Известия о голоде среди осажденных в Кремле не заставили долго ждать. Ночью из Кремля пробрались перебежчики, запорожские казаки, и польские пахолоки. Минин поинтересовался ценами на хлеб в Кремле. В ответ прозвучало нечто невероятное: сто злотых за четверть ржи смешанной с лебедой, четверть конского мяса — сто двадцать злотых.

— Испеклись не хлебы, а ляхи! — вывел Минин. — Еще неделя друг друга жрать начнут. Над Кремлем ни одной вороны не вьется, голодный лях и вороне был бы рад.

Не прошло и недели, из Кремля пробрался слуга Марфы Романовой, супруги Филарета. Истощен он был до крайности. Привели его к шатру Пожарского. Темень непролазная, накрапывал дождь Побудили князя. Засветили в шатре свечи. Романовский слуга упал на колени и выговорил:

— Пресветлый, князь! Настал гибельный час! Ляхи людей жрут, как бы до нас не добрались! Поспешай, князь, терпежа у затворников нету!

Пожарский послал вестовщиков за Трубецким, за Мининым, за советными людьми. Собрались в княжеском шатре. Романовского слугу подкормили, согрели вином. Он малость ожил и рассказал, что происходит в Кремле. Лошадей, собак, кошек и крыс поляки съели. Выкапывают трупы, варят в чанах человечину. Убивают своих и сырьем жрут, чтобы другие не отняли.

На совете зашумели, что надобно идти на приступ, некому, дескать, обороняться. Пожарский остудил горячие головы.

— Ляхам того и нужно, чтобы мы о кремлевские стены головы разбили.
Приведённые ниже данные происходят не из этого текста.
(* Let $X$ be an integral regular projective curve of genus $g$ over $\mathbb{F}_q$ and $\mathbf{n}_m$ a tuple of positive integers; write $Q=q_{\mathbf{n}_m}$. Let $P(T)=(1-T)(1-QT)T^{g-1}\widehat Z^{(\mathbf{n}_m)}_X(T)$, a polynomial of degree $2g$ in $T=T_{\mathbf{n}_m}$, assume $P(0)\neq0$, and write its reciprocal roots as $\alpha_1,\dots,\alpha_g,\beta_1,\dots,\beta_g$, i.e. $P(T)=P(0)\prod_{\ell=1}^g(1-\alpha_\ell T)(1-\beta_\ell T)$. Put $N_k=Q^k+1-\sum_{\ell=1}^g(\alpha_\ell^k+\beta_\ell^k)$ and define $b_k$ by $\exp\bigl(\sum_{k\ge1}\frac{N_k}{Q^k-1}\frac{x^k}{k}\bigr)=\sum_{k\ge0}b_kx^k$. Then, with $(Q;Q)_n=\prod_{j=1}^n(1-Q^j)$, $$b_k=\sum_{\substack{k_{0+},k_{0-},k_{1+},k_{1-},\dots,k_{g+},k_{g-}\ge0\\ k_{0+}+k_{0-}+\cdots+k_{g+}+k_{g-}=k}}\frac{(-1)^{k_{0+}+k_{0-}}Q^{\binom{k_{0+}+1}{2}+\binom{k_{0-}}{2}}}{(Q;Q)_{k_{0+}}(Q;Q)_{k_{0-}}}\prod_{\ell=1}^g\frac{\alpha_\ell^{k_{\ell+}}\beta_\ell^{k_{\ell-}}}{(Q;Q)_{k_{\ell+}}(Q;Q)_{k_{\ell-}}}.$$
   Context: Let $\zeta_X(s)=\sum_{D\ge 0}N(D)^{-s}$ be the Artin zeta function of $X$ ($D$ running over effective divisors) and $\widehat\zeta_X(s)=q^{s(g-1)}\zeta_X(s)$ the complete Artin zeta function, a rational function of $q^{-s}$. Derived zeta functions are defined recursively. For the empty tuple $\mathbf{n}_{-1}=()$ put $q_{\mathbf{n}_{-1}}=q$, $T_{\mathbf{n}_{-1}}=q^{-s}$, $\widehat\zeta^{(\mathbf{n}_{-1})}_X=\widehat\zeta_X$. For a tuple $\mathbf{n}_m=(n_0,\dots,n_m)$ of positive integers ($m\ge 0$) put $\mathbf{n}_{m-1}=(n_0,\dots,n_{m-1})$, $q_{\mathbf{n}_m}=q^{n_0n_1\cdots n_m}$, $T_{\mathbf{n}_m}=q^{-n_0n_1\cdots n_m s}$. Writing $\widehat Z^{(\mathbf{n}_{m-1})}_X(T_{\mathbf{n}_{m-1}}):=\widehat\zeta^{(\mathbf{n}_{m-1})}_X(s)$ (a rational function of $T_{\mathbf{n}_{m-1}}$), set $\widehat\zeta^{(\mathbf{n}_{m-1})}_X(1):=\operatorname{Res}_{T_{\mathbf{n}_{m-1}}=1}\widehat Z^{(\mathbf{n}_{m-1})}_X(T_{\mathbf{n}_{m-1}})$ and for integers $N\ge 1$, $\widehat v_N:=\prod_{k=1}^{N}\widehat\zeta^{(\mathbf{n}_{m-1})}_X(k)$. Then $$\widehat\zeta^{(\mathbf{n}_m)}_X(s)=q_{\mathbf{n}_{m-1}}^{\binom{n_m}{2}(g-1)}\sum_{a=1}^{n_m}\Biggl(\sum_{\substack{k_1,\dots,k_p>0\\k_1+\cdots+k_p=n_m-a}}\frac{\widehat v_{k_1}\cdots\widehat v_{k_p}}{\prod_{j=1}^{p-1}(1-q_{\mathbf{n}_{m-1}}^{k_j+k_{j+1}})}\cdot\frac{1}{1-q_{\mathbf{n}_{m-1}}^{n_ms-n_m+a+k_p}}\Biggr)\widehat\zeta^{(\mathbf{n}_{m-1})}_X(n_ms-n_m+a)\Biggl(\sum_{\substack{l_1,\dots,l_r>0\\l_1+\cdots+l_r=a-1}}\frac{1}{1-q_{\mathbf{n}_{m-1}}^{-n_ms+n_m-a+1+l_1}}\cdot\frac{\widehat v_{l_1}\cdots\widehat v_{l_r}}{\prod_{j=1}^{r-1}(1-q_{\mathbf{n}_{m-1}}^{l_j+l_{j+1}})}\Biggr),$$ where the inner sums run over ordered tuples of positive integers (of any length) with the indicated sum, and an inner sum over tuples summing to $0$ is defined to be $1$. One writes $\widehat Z^{(\mathbf{n}_m)}_X(T_{\mathbf{n}_m}):=\widehat\zeta^{(\mathbf{n}_m)}_X(s)$, a rational function of $T_{\mathbf{n}_m}$. (For $m=0$ this is the rank $n_0$ non-abelian zeta function.) *)

From mathcomp Require Import all_boot all_order all_algebra all_field.
Set Implicit Arguments. Unset Strict Implicit. Unset Printing Implicit Defensive.
Import Order.TTheory GRing.Theory Num.Theory.
Local Open Scope ring_scope.

Definition qpoch (Q : algC) (n : nat) : algC :=
  \prod_(1 <= j < n.+1) (1 - Q ^+ j).

Definition Nk (Q : algC) (g : nat) (alpha beta : 'I_g -> algC) (k : nat) : algC :=
  Q ^+ k + 1 - \sum_(l < g) (alpha l ^+ k + beta l ^+ k).

Definition exp_arg (Q : algC) (g : nat) (alpha beta : 'I_g -> algC) (K : nat)
  : {poly algC} :=
  \sum_(1 <= i < K.+1) ((Nk Q alpha beta i / (Q ^+ i - 1)) / i%:R) *: 'X^i.

(* b_K = coefficient of x^K in the formal power series exp(A(x)) =
   sum_j A(x)^j / j!; since A has no constant term, only j <= K and the
   terms of A of degree <= K contribute. *)
Definition bcoef (Q : algC) (g : nat) (alpha beta : 'I_g -> algC) (K : nat) : algC :=
  (\sum_(j < K.+1) (j`!%:R)^-1 *: (exp_arg Q alpha beta K) ^+ j)`_K.

(* An index tuple (k_{0+},k_{0-},...,k_{g+},k_{g-}) is a
   finite function f : 'I_g.+1 * bool -> 'I_K.+1, with f (l,true) = k_{l+} and
   f (l,false) = k_{l-}; l = 0 is the special index, and alpha_l, beta_l
   (l = 1..g) are alpha (l-1), beta (l-1), i.e. index lift ord0 l. *)
Definition bterm (Q : algC) (g : nat) (alpha beta : 'I_g -> algC) (K : nat)
  (f : {ffun 'I_g.+1 * bool -> 'I_K.+1}) : algC :=
  let kp (l : 'I_g.+1) : nat := f (l, true) in
  let km (l : 'I_g.+1) : nat := f (l, false) in
  (-1) ^+ (kp ord0 + km ord0) * Q ^+ ('C(kp ord0 + 1, 2) + 'C(km ord0, 2))
    / (qpoch Q (kp ord0) * qpoch Q (km ord0))
  * \prod_(l < g) (alpha l ^+ kp (lift ord0 l) * beta l ^+ km (lift ord0 l)
                    / (qpoch Q (kp (lift ord0 l)) * qpoch Q (km (lift ord0 l)))).

Definition bsum (Q : algC) (g : nat) (alpha beta : 'I_g -> algC) (K : nat) : algC :=
  \sum_(f : {ffun 'I_g.+1 * bool -> 'I_K.+1} | (\sum_i (f i : nat))%N == K)
     bterm Q alpha beta f.

From mathcomp Require Import all_boot all_order all_algebra all_field.
From mathcomp Require Import ring zify.
Set Implicit Arguments. Unset Strict Implicit. Unset Printing Implicit Defensive.
Import GRing.Theory Num.Theory.
Local Open Scope ring_scope.

(* The exponent splits as
     sum_k N_k/(Q^k-1) x^k/k = L_Q(Q) + L_Q(1) - sum_l (L_Q(alpha_l) + L_Q(beta_l)),
   with L_Q(c) = sum_k c^k x^k / (k (Q^k - 1)). The series E with coefficients
   (-1)^n c^n Q^C(n,2) / (Q;Q)_n satisfies (Q^(n+1) - 1) e_(n+1) = c Q^n e_n, and
   this recurrence is equivalent to E' = L_Q(c)' E, i.e. E = exp L_Q(c);
   likewise sum c^n/(Q;Q)_n x^n = exp (- L_Q(c)), being the previous series for
   (1/Q, c/Q). Hence exp of the exponent is a product of 2g + 2 such series and
   b_k is the coefficient of x^k of that product, which is the stated sum.
   All identities are checked modulo x^(k+1) through the uniqueness of solutions
   of F' = A' F with F(0) = 1. *)

Lemma big_pair_bool (R : Type) (idx : R) (op : Monoid.com_law idx)
    (I : finType) (G : I * bool -> R) :
  \big[op/idx]_(x : I * bool) G x = \big[op/idx]_(i : I) op (G (i, true)) (G (i, false)).
Proof.
rewrite -(eq_bigr _ (fun i _ => big_bool _ (fun b => G (i, b)))) pair_big.
by apply: eq_big => // -[].
Qed.

Lemma coef_prod_poly (R : comNzRingType) (I : finType) K (E : I -> nat -> R) :
  (\prod_i \poly_(j < K.+1) E i j)`_K =
  \sum_(f : {ffun I -> 'I_K.+1} | (\sum_i (f i : nat))%N == K) \prod_i E i (f i).
Proof.
under eq_bigr do rewrite poly_def.
rewrite bigA_distr_bigA coef_sum [RHS]big_mkcond /=; apply: eq_bigr => f _.
under eq_bigr do rewrite -mul_polyC.
rewrite big_split /= -rmorph_prod -(big_morph _ (exprD 'X) (expr0 'X)).
by rewrite coefCM coefXn eq_sym; case: eqP; rewrite ?mulr1 ?mulr0.
Qed.

Section ExpOde.
Variable R : numFieldType.
Implicit Types p q F G : {poly R}.

(* The equation F' = p' F in degrees < K: with F(0) = 1 it characterises
   exp p modulo x^(K+1). *)
Definition exp_ode K p F := forall n, (n < K)%N -> F^`()`_n = (p^`() * F)`_n.

Lemma coefM_eql K (A B : {poly R}) :
  (forall i, (i < K)%N -> A`_i = B`_i) ->
  forall C n, (n < K)%N -> (A * C)`_n = (B * C)`_n.
Proof.
move=> eqAB C n nK; rewrite !coefM; apply: eq_bigr => i _.
by rewrite eqAB //; apply: leq_ltn_trans nK; rewrite -ltnS.
Qed.

Lemma exp_ode_uniq K p F G : exp_ode K p F -> exp_ode K p G -> F`_0 = G`_0 ->
  forall n, (n <= K)%N -> F`_n = G`_n.
Proof.
move=> odeF odeG eq0; elim/ltn_ind => -[// | n] IH nK.
apply: (@pmulrnI _ n.+1) => //.
rewrite -!coef_deriv odeF // odeG // !coefM; apply: eq_bigr => i _.
by rewrite IH //; lia.
Qed.

Lemma exp_odeM K p q F G : exp_ode K p F -> exp_ode K q G -> exp_ode K (p + q) (F * G).
Proof.
move=> odeF odeG n nK.
rewrite derivM coefD (coefM_eql odeF) // [F * _]mulrC (coefM_eql odeG) // -coefD.
by rewrite derivD mulrDl -!mulrA [G * F]mulrC.
Qed.

Lemma exp_ode_prod K (I : finType) (ps Fs : I -> {poly R}) :
  (forall i, exp_ode K (ps i) (Fs i)) -> exp_ode K (\sum_i ps i) (\prod_i Fs i).
Proof.
move=> odeI; apply: (big_rec2 (fun F p => exp_ode K p F)).
  by move=> n _; rewrite -polyC1 derivC !raddf0 mul0r.
by move=> i F p _; apply: exp_odeM.
Qed.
Яблоко сгнило до косточек, само вот-вот упадет.

Трубецкой не стал ждать. Повел казаков на Китай-город. Поляки сдали его без боя и ушли в кремль.

Освобождение Китай-города предвестие скорого освобождения и Кремля. Так было мало радостей для русских людей в годы лихолетья, что отпраздновали эту победу. В Китай-город внесли икону Казанской Богоматери, отслужили молебен и дали обет построить в ее имя церковь.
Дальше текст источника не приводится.